Под звуки фанфар и крики: «Да будет милость Господня с королем!» Алрой был наречен королем Гвиннеда.

Сразу после этого епископы, духовенство и дворяне, предводительствуемые братьями Алроя, выступили вперед, чтобы оказать почести, выразить покорность и получить королевское благословение. А регенты с торжествующими улыбками наблюдали за всем этим. Была отслужена месса, во время которой король сам раздавал хлеб и вино причастия, а затем процессия во главе с очень уставшим юным королем вышла из собора.
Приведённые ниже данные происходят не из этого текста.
Lemma vstate_sel_compress i j A :
  vstate (x j) (adjmx (sel i) *m A *m sel i) = if i == j then vstate (x j) A else 0.
Proof.
rewrite vstate_conj sel_x; case: (eqVneq i j) => [->|ne].
  by rewrite scale1r /vstate /adjmx trmxK.
by rewrite scale0r adjmx0 !mul0mx mxE.
Qed.

Lemma vstate_unital i : vstate (x i) 1%:M = 1.
Proof. by rewrite /vstate mulmx1 (x_unit i). Qed.

Lemma vector_states_direct_convex_sum :
  direct_convex_sum (conv_hull (fun i w => forall A, w A = vstate (x i) A))
                    (fun i w => forall A, w A = vstate (x i) A).
Proof.
apply: (direct_convex_sum_criterion (compress := fun i A =>
          adjmx (sel i) *m A *m sel i)).
- by move=> i; apply: point_convex.
- by move=> i j v v_eq A; rewrite !v_eq vstate_sel_compress.
- by move=> i v ->; apply: vstate_unital.
Qed.

(* Compressing a vanishing combination by sel i isolates its i-th coefficient;
   this gives independence even over C, not only over the reals. *)
Lemma vector_states_independent (c : 'I_p -> C) :
  (forall A, \sum_(i < p) c i * vstate (x i) A = 0) -> forall i, c i = 0.
Proof.
move=> H i; have := H (adjmx (sel i) *m 1%:M *m sel i).
rewrite (bigD1 i) //= big1 ?addr0 => [|j ji]; last first.
  by rewrite vstate_sel_compress eq_sym (negbTE ji) mulr0.
by rewrite vstate_sel_compress eqxx vstate_unital mulr1.
Qed.

End IndependentVectorStates.

End ConvexSumOfStates.

Theorem mainTheorem1 (C : numClosedFieldType) :
  (forall (n p : nat) (L : 'M[C]_n) (Ls : 'I_p -> 'M[C]_n),
     (L == \sum_(i < p) Ls i)%MS ->
     mxdirect (\sum_(i < p) Ls i) ->
     direct_convex_sum (conv_hull (fun i => face (Ls i)))
                       (fun i => face (Ls i))) /\
  (forall (n p : nat) (x : 'I_p -> 'rV[C]_n),
     row_free (\matrix_(i < p) x i) ->
     (forall i, unit_vector (x i)) ->
     (forall c : 'I_p -> C, (forall i, c i \is Num.real) ->
        (forall A, \sum_(i < p) c i * vstate (x i) A = 0) ->
        forall i, c i = 0) /\
     simplex (conv_hull (fun i w => forall A, w A = vstate (x i) A))).
Proof.
split; first by move=> n p L Ls _; apply: faces_direct_convex_sum.
move=> n p x x_free x_unit; have [R x_left_inv] := row_freeP x_free.
split; first by move=> c _; apply: (vector_states_independent x_left_inv x_unit).
by exists p, (fun i => vstate (x i)); exact: (vector_states_direct_convex_sum x_left_inv x_unit).
Qed.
С возвращением в замок день для короля не заканчивался — предстоял традиционный пир. Несмотря на то, что колокола уже собирали паству к вечерне, когда процессия вступила на двор замка, несмотря на то, что голова Алроя раскалывалась от тяжести короны и голода, у него почти не было времени, чтобы передохнуть.

Час перед трапезой ушел на то, чтобы, освободившись от тяжелой одежды и короны, погрузиться в сон, который с помощью Тависа стал как бы дольше. С двумя другими мальчиками Тавис поступил точно так же и разбудил только тогда, когда регенты уже не могли больше ждать. Целитель убедил регентов, что детям необходимо сначала основательно подкрепиться, но большего для питомцев не добился. Ему оставалось только наблюдать со стороны и, если потребуется, быть готовым оказать помощь. Если король уснет за столом, вечернее пиршество закончится. Были известны случаи, когда более зрелые монархи засыпали над тарелками.

Встречаемые радостными криками дворян и звуками труб, король и его братья вышли в зал в сопровождении свиты. Алрой как хозяин пиршества сел посередине стола. По сравнению с отцовским троном, возвышавшимся на помосте, мальчик казался просто гномом. Трон окружали регенты и их жены в мехах, драгоценностях и со знаками своего фамильного и придворного достоинства. Джаван и Райс-Майкл сидели по разным концам высокого стола, тоже окруженные придворными, которых больше занимал собственный престиж, чем самочувствие двух детей, вынужденных слишком рано стать взрослыми. Не считая слуг и пажей, прислуживавших за столом, у братьев короля не было сверстников в огромном зале. Тот вечер стал первым, но отнюдь не последним уроком одиночества королевской судьбы.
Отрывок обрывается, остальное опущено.